The US$94million project was funded through a loan from the United States Export-Import Bank (EXIM Bank), and saw the construction of a wall that has kept the ocean at bay so it could not cause further erosion to the coastline.
“It [Fort Vernon] is now a death-trap,” said Joyce Ayorkor Guddah, the Tourism and Culture Officer in Ningo Prampram district, the local government office.
While the Ghana Museums and Monuments Board – the government agency in charge of these forts – is aware of the imminent danger to Fort Vernon, Guddah added that little had been done to rescue the monument.
“Losing the fort will mean a big revenue loss in our bid to harness its tourism potential,” said Guddah. “And for the people, it will erase an important part of their history.”
Governments are increasingly becoming resigned to the idea of losing some of these heritage sites to the effects of climate change for good, said Will Megarry, who works at the International Council on Monuments and Sites (ICOMOS) as its Focal Point for Climate Change.
“They are accepting that the sites are going to be lost, and what they’re trying to do in the interim is preserve them by their records,” said Megarry.
These vulnerable nations, mostly small islands or countries with smaller economies, have demanded their counterparts support a fund that will help in dealing with the fallout of climate change. The conference raised more than US$230million in pledges for the fund – an amount that falls far short of the US$100billion per annum vulnerable countries have persistently demanded.
While Ghana and other vulnerable countries wait on the well-endowed economies to make good their promises, the Ghana Museums and Monuments Board- the government agency that manages these heritage sites – remains cash-strapped, barely generating enough revenue to fund conservation plans.
“As a country, we have not done enough in conserving these monuments apart from the notable ones in Accra, Cape Coast and Elmina,” said Bernard Agyiri Sackey, Director of Monuments at the Ghana Museum and Monuments Board.

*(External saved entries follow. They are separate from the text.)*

(* First claim: optimising the direct value over the finitely many injective
   recommendations, each with its optimal persuasive scheme, yields an optimal
   scheme, since every scheme is dominated by such a direct one. *)
Lemma optimal_injective_scheme : exists (phi : scheme) (rec : 'I_k -> 'I_n),
  optimal q rho xi phi /\ persuasive q rho phi rec /\ injective rec.
Proof.
pose P (r : {ffun 'I_k -> 'I_n}) (phi : scheme) :=
  injective r /\ is_scheme phi /\ persuasive q rho phi r.
have [r [phi [[r_inj [phi_sch pers]] phi_max]]] : exists r phi, P r phi /\
    forall r' phi', P r' phi' -> direct_value q xi phi' r' <= direct_value q xi phi r.
  apply: finite_family_max => [r [phi [r_inj feas]]|].
    have [phi' feas' phi'_max] := persuasive_optimum xi q_distr (ex_intro _ phi feas).
    by exists phi' => // phi'' [_ feas'']; exact: phi'_max.
  have [phi [rec [rec_inj ? ?]]] := direct_scheme_exists.
  by exists (finfun rec), phi; rewrite /P fun_of_finfun.
exists phi, r; split => //; split => // phi' sch'.
have [phi'' [rec [rec_inj sch'' pers'' dom]]] :=
  dominating_direct_scheme rho xi q_distr i0 hkn sch'.
apply: le_trans dom (le_trans _ (direct_value_le_u_S xi q_distr phi_sch pers)).
by have := phi_max (finfun rec) phi''; rewrite /P fun_of_finfun; apply.
Qed.

(* Second claim: in a symmetric instance, relabelling turns every direct
   scheme with distinct recommendations into one recommending 1..k, so the
   optimal persuasive scheme for the recommendation 1..k is optimal. *)
Lemma optimal_scheme_first_actions : symmetric_instance q ->
  exists phi : scheme, optimal q rho xi phi /\ persuasive q rho phi (widen_ord hkn).
Proof.
move=> sym.
have [|phi [phi_sch pers] phi_max] := persuasive_optimum (rho := rho) xi q_distr (rec := widen_ord hkn).
  have [phi1 [rec1 [rec1_inj sch1 pers1]]] := direct_scheme_exists.
  by have [phi2 feas2 _] := relabel_to_first xi q_distr hkn sym rec1_inj sch1 pers1; exists phi2.
exists phi; split => //; split => // phi' sch'.
have [phi'' [rec [rec_inj sch'' pers'' dom]]] :=
  dominating_direct_scheme rho xi q_distr i0 hkn sch'.
have [phi3 feas3 same_value] := relabel_to_first xi q_distr hkn sym rec_inj sch'' pers''.
apply: le_trans dom _; rewrite -same_value.
exact: le_trans (phi_max _ feas3) (direct_value_le_u_S xi q_distr phi_sch pers).
Qed.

Government’s inability to fund conservation plans has led the Monuments Board to seek the benevolence of institutions like UNESCO, the UN agency that previously identified these former slave posts as having “Outstanding Universal Value” – transcending national boundaries and of importance for present and future generations of all humanity.

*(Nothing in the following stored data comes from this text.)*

Lemma tpair_le_maxentry n (T : tensor4 R n) x y u v :
  cabs (tpair T x y u v) <= maxentry T * (norm1 x * norm1 y * norm1 u * norm1 v).
Proof.
apply: le_trans (cabs_sum4 _) _; rewrite -sum4_prod mulr_sum4.
apply: ler_sum4 => i j k l; rewrite !cabsM -!mulrA ler_wpM2r ?cabs_le_maxentry //.
by rewrite !mulr_ge0 ?cabs_ge0.
Qed.

Lemma tpairZ n (T : tensor4 R n) x y u v (a b c e : C) :
  tpair T (fun i => a * x i) (fun j => b * y j) (fun k => c * u k) (fun l => e * v l)
  = a * b * c * e * tpair T x y u v.
Proof. by rewrite [RHS]mulr_sum4; apply: eq_sum4 => i j k l; ring. Qed.

Lemma tpair_telescope n (T : tensor4 R n) x y u v x' y' u' v' :
  tpair T x y u v = tpair T x' y' u' v' + tpair T (fun i => x i - x' i) y u v
    + tpair T x' (fun j => y j - y' j) u v + tpair T x' y' (fun k => u k - u' k) v
    + tpair T x' y' u' (fun l => v l - v' l).
Proof. by rewrite -!sum4D; apply: eq_sum4 => i j k l; ring. Qed.

Lemma frob1_sum4 n (T : tensor4 R n) : frob T = 1 ->
  sum4 (fun i j k l => cabs (T i j k l) ^+ 2) = 1.
Proof.
move=> T1; rewrite -(expr1n _ 2) -T1 sqr_sqrtr //.
by apply: sum4_ge0 => i j k l; apply: sqr_ge0.
Qed.

(* Cauchy-Schwarz, via AM-GM with the weight [vnorm2 x * ... * vnorm2 v]. *)
Lemma tpair_le_vnorm2 n (T : tensor4 R n) x y u v : frob T = 1 ->
  cabs (tpair T x y u v) <= vnorm2 x * vnorm2 y * vnorm2 u * vnorm2 v.
Proof.
move=> T1; set N := vnorm2 x * _ * _ * _.
have [N0|N_neq0] := eqVneq N 0.
  apply: le_trans (tpair_le_maxentry _ _ _ _ _) _.
  rewrite N0; move/eqP: N0; rewrite /N !mulf_eq0 -!orbA.
  by case/or4P => /eqP/vnorm2_eq0 ->; rewrite ?(mulr0, mul0r).
have N_gt0 : 0 < N by rewrite lt0r N_neq0 !mulr_ge0 ?vnorm2_ge0.
apply: le_trans (cabs_sum4 _) _.
apply: (@le_trans _ _ (sum4 (fun i j k l => 2^-1 * N * cabs (T i j k l) ^+ 2 +
   2^-1 / N * (cabs (x i) ^+ 2 * cabs (y j) ^+ 2 * cabs (u k) ^+ 2 * cabs (v l) ^+ 2)))).
  apply: ler_sum4 => i j k l; rewrite -!exprMn.
  have -> : cabs (T i j k l * x i * y j * u k * v l) =
      cabs (T i j k l) * (cabs (x i) * cabs (y j) * cabs (u k) * cabs (v l)).
    by rewrite !cabsM !mulrA.
  exact: mulr_le_AMGM.
rewrite sum4D -!mulr_sum4 frob1_sum4 // sum4_prod -!/(sqnorm _) -!sqr_vnorm2.
rewrite -!exprMn -/N.
by have -> : 2^-1 * N * 1 + 2^-1 / N * N ^+ 2 = N by field; rewrite gt_eqF.
Qed.

Definition tensor_ratios n (T : tensor4 R n) :=
  [set r : R | exists x y u v : 'I_n -> C,
  [/\ vnorm2 x != 0, vnorm2 y != 0, vnorm2 u != 0 & vnorm2 v != 0] /\
  r = cabs (tpair T x y u v) / (vnorm2 x * vnorm2 y * vnorm2 u * vnorm2 v)]%classic.

Lemma tensor_ratios_neq0 n (T : tensor4 R n) :
  (0 < n)%N -> (tensor_ratios T !=set0)%classic.
Proof.
move=> n_gt0; pose one (i : 'I_n) : C := 1.
have one_neq0 : vnorm2 one != 0.
  rewrite sqrtr_eq0 -ltNge /sqnorm.
  by under eq_bigr do rewrite cabs1 expr1n; rewrite sumr_const card_ord ltr0n.
exists (cabs (tpair T one one one one) /
        (vnorm2 one * vnorm2 one * vnorm2 one * vnorm2 one)).
by exists one, one, one, one.
Qed.

Lemma tensor_ratios_ge0 n (T : tensor4 R n) r : tensor_ratios T r -> 0 <= r.
Proof.
by case=> x [y [u [v [_ ->]]]]; rewrite divr_ge0 ?cabs_ge0 ?mulr_ge0 ?vnorm2_ge0.
Qed.

Lemma tensor_ratios_le1 n (T : tensor4 R n) : frob T = 1 -> ubound (tensor_ratios T) 1.
Proof.
move=> T1 r [x [y [u [v [[? ? ? ?] ->]]]]].
have N_gt0 : 0 < vnorm2 x * vnorm2 y * vnorm2 u * vnorm2 v.
  by rewrite !mulr_gt0 // lt0r ?vnorm2_ge0 andbT.
by rewrite ler_pdivrMr // mul1r tpair_le_vnorm2.
Qed.

Lemma has_sup_tensor_ratios n (T : tensor4 R n) : (0 < n)%N -> frob T = 1 ->
  has_sup (tensor_ratios T).
Proof.
by move=> n_gt0 T1; split; [exact: tensor_ratios_neq0 | exists 1; exact: tensor_ratios_le1].
Qed.

Lemma OPT_T_ge0 n (T : tensor4 R n) : (0 < n)%N -> frob T = 1 -> 0 <= OPT_T T.
Proof.
move=> n_gt0 T1; have [r Tr] := tensor_ratios_neq0 T n_gt0.
exact: le_trans (tensor_ratios_ge0 Tr)
  (sup_upper_bound (has_sup_tensor_ratios n_gt0 T1) Tr).
Qed.

Lemma OPT_T_le1 n (T : tensor4 R n) : (0 < n)%N -> frob T = 1 -> OPT_T T <= 1.
Proof.
by move=> n_gt0 T1; apply: ge_sup; [exact: tensor_ratios_neq0 | exact: tensor_ratios_le1].
Qed.

Lemma tpair_le_OPT_T n (T : tensor4 R n) x y u v : (0 < n)%N -> frob T = 1 ->
  cabs (tpair T x y u v) <= OPT_T T * (vnorm2 x * vnorm2 y * vnorm2 u * vnorm2 v).
Proof.
move=> n_gt0 T1; set N := vnorm2 x * _ * _ * _.
have [N0|N_neq0] := eqVneq N 0.
  by rewrite N0 mulr0 -N0 tpair_le_vnorm2.
have N_gt0 : 0 < N by rewrite lt0r N_neq0 !mulr_ge0 ?vnorm2_ge0.
rewrite -ler_pdivrMr //; apply: sup_upper_bound; first exact: has_sup_tensor_ratios.
exists x, y, u, v; split => //.
by move: N_neq0; rewrite !mulf_eq0 !negb_or -!andbA => /and4P.
Qed.

End Tensors.

Section ProductStates.
Variable R : realType.
Local Notation C := R[i].
Variable n : nat.

Lemma block_qubit_subproof (m : 'I_4) (r : 'I_n) : (m * n + r < 4 * n)%N.
Proof.
apply: leq_trans (_ : m.+1 * n <= 4 * n)%N; last by rewrite leq_mul2r ltn_ord orbT.
by rewrite mulSn [(n + _)%N]addnC ltn_add2l.
Qed.

Definition block_qubit (m : 'I_4) (r : 'I_n) : 'I_(4 * n) :=
  Ordinal (block_qubit_subproof m r).

Lemma block_qubit_div m r : (block_qubit m r %/ n)%N = m.
Proof. by rewrite /= divnMDl ?divn_small ?addn0 // (leq_ltn_trans _ (ltn_ord r)). Qed.

Lemma block_qubit_mod m r : (block_qubit m r %% n)%N = r.
Proof. by rewrite /= modnMDl modn_small. Qed.

Lemma prod_block_qubits (n_gt0 : (0 < n)%N) (F : 'I_(4 * n) -> C) :
  \prod_q F q = \prod_(m < 4) \prod_(r < n) F (block_qubit m r).
Proof.
rewrite pair_big /= (reindex (fun p : 'I_4 * 'I_n => block_qubit p.1 p.2)) //.
have q_div (q : 'I_(4 * n)) : (q %/ n < 4)%N by rewrite ltn_divLR // mulnC ltn_ord.
have q_mod (q : 'I_(4 * n)) : (q %% n < n)%N by rewrite ltn_pmod.
apply: onW_bij; exists (fun q => (Ordinal (q_div q), Ordinal (q_mod q))).
  move=> [m r]; congr pair; apply: val_inj.
    exact: block_qubit_div.
  exact: block_qubit_mod.
by move=> q; apply: val_inj; rewrite /= -divn_eq.
Qed.

Definition tpair_blocks (T : tensor4 R n) (w : 'I_4 -> 'I_n -> C) : C :=
  tpair T (w ord0) (w (lift ord0 ord0)) (w (lift ord0 (lift ord0 ord0)))
    (w (lift ord0 (lift ord0 (lift ord0 ord0)))).

(* The conjugate of the amplitude of [|e_i>] in block [m] of [sigma]. *)
Definition block_coef (sigma : 'I_(4 * n) -> bool -> C) (m : 'I_4) (i : 'I_n) : C :=
  (\prod_r sigma (block_qubit m r) (r == i))^*.

Lemma overlap_psiT_sum4 (sigma : 'I_(4 * n) -> bool -> C) (T : tensor4 R n) :
  overlap sigma (psiT T) =
  sum4 (fun i j k l => T i j k l * (\prod_q sigma q (basis4 i j k l q))^*).
Proof.
rewrite /overlap /psiT.
under eq_bigr do rewrite big_distrr /=.
under eq_bigr do under eq_bigr do rewrite big_distrr /=.
under eq_bigr do under eq_bigr do under eq_bigr do rewrite big_distrr /=.
under eq_bigr do under eq_bigr do under eq_bigr do under eq_bigr do rewrite big_distrr /=.
rewrite exchange_big; apply: eq_bigr => i _; rewrite exchange_big.
apply: eq_bigr => j _; rewrite exchange_big; apply: eq_bigr => k _.
rewrite exchange_big; apply: eq_bigr => l _.
rewrite (bigD1 (basis4 i j k l)) //= eqxx (mulr1 (T i j k l)) [X in _ + X]big1.
  by rewrite addr0 mulrC.
by move=> b /negbTE ->; rewrite !mulr0.
Qed.

Lemma overlap_psiT (n_gt0 : (0 < n)%N) (sigma : 'I_(4 * n) -> bool -> C)
    (T : tensor4 R n) :
  overlap sigma (psiT T) = tpair_blocks T (block_coef sigma).
Proof.
rewrite overlap_psiT_sum4; apply: eq_sum4 => i j k l.
rewrite (prod_block_qubits n_gt0) !big_ord_recl big_ord0 mulr1 !rmorphM /= !mulrA.
by congr (_ * _ * _ * _ * _); congr (_^*); apply: eq_bigr => r _;
  rewrite ffunE block_qubit_div block_qubit_mod.
Qed.

End ProductStates.

Lemma unit_qubit_le1 (R : realType) (s : bool -> R[i]) b :
  unit_qubit s -> cabs (s b) <= 1.
Proof.
rewrite /unit_qubit; case: b => s1; apply: sqr_addr_eq1_le1 (cabs_ge0 _) _.
  by rewrite addrC; exact: s1.
exact: s1.
Qed.

Section BlockCoefficients.
Variable R : realType.
Local Notation C := R[i].
Variable n : nat.
Variable sigma : 'I_(4 * n) -> bool -> C.
Hypothesis sigma_unit : forall q, unit_qubit (sigma q).
Variable m : 'I_4.

Let amp0 r := cabs (sigma (block_qubit m r) false).
Let amp1 r := cabs (sigma (block_qubit m r) true).

Definition weight1 r := amp1 r ^+ 2.

Lemma weight1_01 r : 0 <= weight1 r <= 1.
Proof.
rewrite sqr_ge0 -(sigma_unit (block_qubit m r)) lerDr /=; exact: sqr_ge0.
Qed.

Lemma cabs_block_coef i :
  cabs (block_coef sigma m i) = amp1 i * \prod_(r | r != i) amp0 r.
Proof.
rewrite cabsJ cabs_prod (bigD1 i) //= eqxx; congr (_ * _).
by apply: eq_bigr => r /negbTE ->.
Qed.

Lemma sqr_cabs_block_coef i :
  cabs (block_coef sigma m i) ^+ 2 = weight1 i * \prod_(r | r != i) (1 - weight1 r).
Proof.
rewrite cabs_block_coef exprMn -prodrXl; congr (_ * _); apply: eq_bigr => r _.
by rewrite -(sigma_unit (block_qubit m r)) addrK.
Qed.

Lemma sqnorm_block_coef : sqnorm (block_coef sigma m) <= 1.
Proof.
rewrite /sqnorm; under eq_bigr do rewrite sqr_cabs_block_coef.
apply: le_trans (at_most_one_success_le1 weight1_01); rewrite lerDl.
by apply: prodr_ge0 => r _; case/andP: (weight1_01 r); rewrite subr_ge0.
Qed.

Definition light_coef (d : R) i := if weight1 i <= d then block_coef sigma m i else 0.

Lemma sqnorm_light_coef_le1 d : sqnorm (light_coef d) <= 1.
Proof.
apply: le_trans sqnorm_block_coef; apply: ler_sum => i _; rewrite /light_coef.
by case: ifP => _; rewrite ?cabs0 ?expr0n ?sqr_ge0.
Qed.

Lemma sqnorm_light_coef d : 0 < d < 1 -> sqnorm (light_coef d) <= expR (-1) / (1 - d).
Proof.
case/andP=> d_gt0 d_lt1; rewrite ler_pdivlMr ?subr_gt0 // mulrC.
apply: le_trans (light_sum_prod_le d weight1_01).
apply: ler_wpM2l; first by rewrite subr_ge0 ltW.
rewrite /sqnorm [leRHS]big_mkcond /=; apply: ler_sum => i _; rewrite /light_coef.
by case: ifP => _; rewrite ?sqr_cabs_block_coef // cabs0 expr0n.
Qed.

Lemma norm1_heavy_coef d : 0 < d -> d <= 2^-1 ->
  norm1 (fun i => block_coef sigma m i - light_coef d i) <= 2 / d.
Proof.
move=> d_gt0 d_le.
have ab1 r : amp0 r ^+ 2 + amp1 r ^+ 2 = 1 by exact: sigma_unit.
apply: le_trans (heavy_sum_prod_le _ _ ab1 d_gt0 d_le);
  [|by move=> r; apply: cabs_ge0 ..].
rewrite /norm1 (bigID (fun i => d < amp1 i ^+ 2)) /= [X in _ + X]big1 ?addr0.
  apply: ler_sum => i heavy; rewrite /light_coef /weight1 [_ <= d]leNgt heavy /=.
  by rewrite subr0 cabs_block_coef.
by move=> i; rewrite -leNgt /light_coef /weight1 => ->; rewrite subrr cabs0.
Qed.

End BlockCoefficients.

Section LowerBound.
Variable R : realType.
Local Notation C := R[i].
Variable n : nat.
Hypothesis n_gt0 : (0 < n)%N.

Definition qubit_scale (z : 'I_n -> C) r : R := (Num.sqrt (1 + cabs (z r) ^+ 2))^-1.

Lemma qubit_scale_gt0 z r : 0 < qubit_scale z r.
Proof. by rewrite invr_gt0 sqrtr_gt0 ltr_pwDl ?sqr_ge0. Qed.

Lemma sqr_qubit_scale z r : qubit_scale z r ^+ 2 * (1 + cabs (z r) ^+ 2) = 1.
Proof.
have pos : 0 < 1 + cabs (z r) ^+ 2 by rewrite ltr_pwDl ?sqr_ge0.
by rewrite exprVn sqr_sqrtr ?ltW // mulVf ?gt_eqF.
Qed.

Lemma prod_qubit_scale_ge z : sqnorm z = 1 -> expR (- 2^-1) <= \prod_r qubit_scale z r.
Proof.
move=> z1; have -> : - 2^-1 = \sum_r - (cabs (z r) ^+ 2 / 2) :> R.
  by rewrite sumrN -mulr_suml -/(sqnorm z) z1 mul1r.
rewrite expR_sum.
apply: ler_prod => r _; rewrite expR_ge0 expRN lef_pV2 ?posrE ?expR_gt0 //.
  exact: sqrt1D_le_expR.
by rewrite sqrtr_gt0 ltr_pwDl ?sqr_ge0.
Qed.

Variable z : nat -> 'I_n -> C.

(* The conjugate makes the block coefficients proportional to [z m]. *)
Definition product_state (q : 'I_(4 * n)) (b : bool) : C :=
  let zq := z (q %/ n) in let r := Ordinal (ltn_pmod q n_gt0) in
  (qubit_scale zq r)%:C%C * (if b then (zq r)^* else 1).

Forty-four years after recognising the former slave posts’ uniqueness, the UN agency has committed almost US$280,000 to fund various conservation works in Ghana. It’s worth noting that the agency is not obliged to financially support the maintenance of these monuments, although countries seeking to carry out restorative works are mandated to notify the UN agency.
Ghana’s ability to stave-off climate change impacts on its heritage sites is a costly endeavor and government has demonstrated it cannot shoulder that cost without seeking external assistance; with the Keta Sea Defence and other similar projects proving this point.
In November 2022 President Nana Akufo-Addo, speaking in Egypt at COP27 during the UN’s climate change conference, reminded richer countries which generate more emissions into the environment of their promise to help vulnerable nations like Ghana mitigate the impact of climate change.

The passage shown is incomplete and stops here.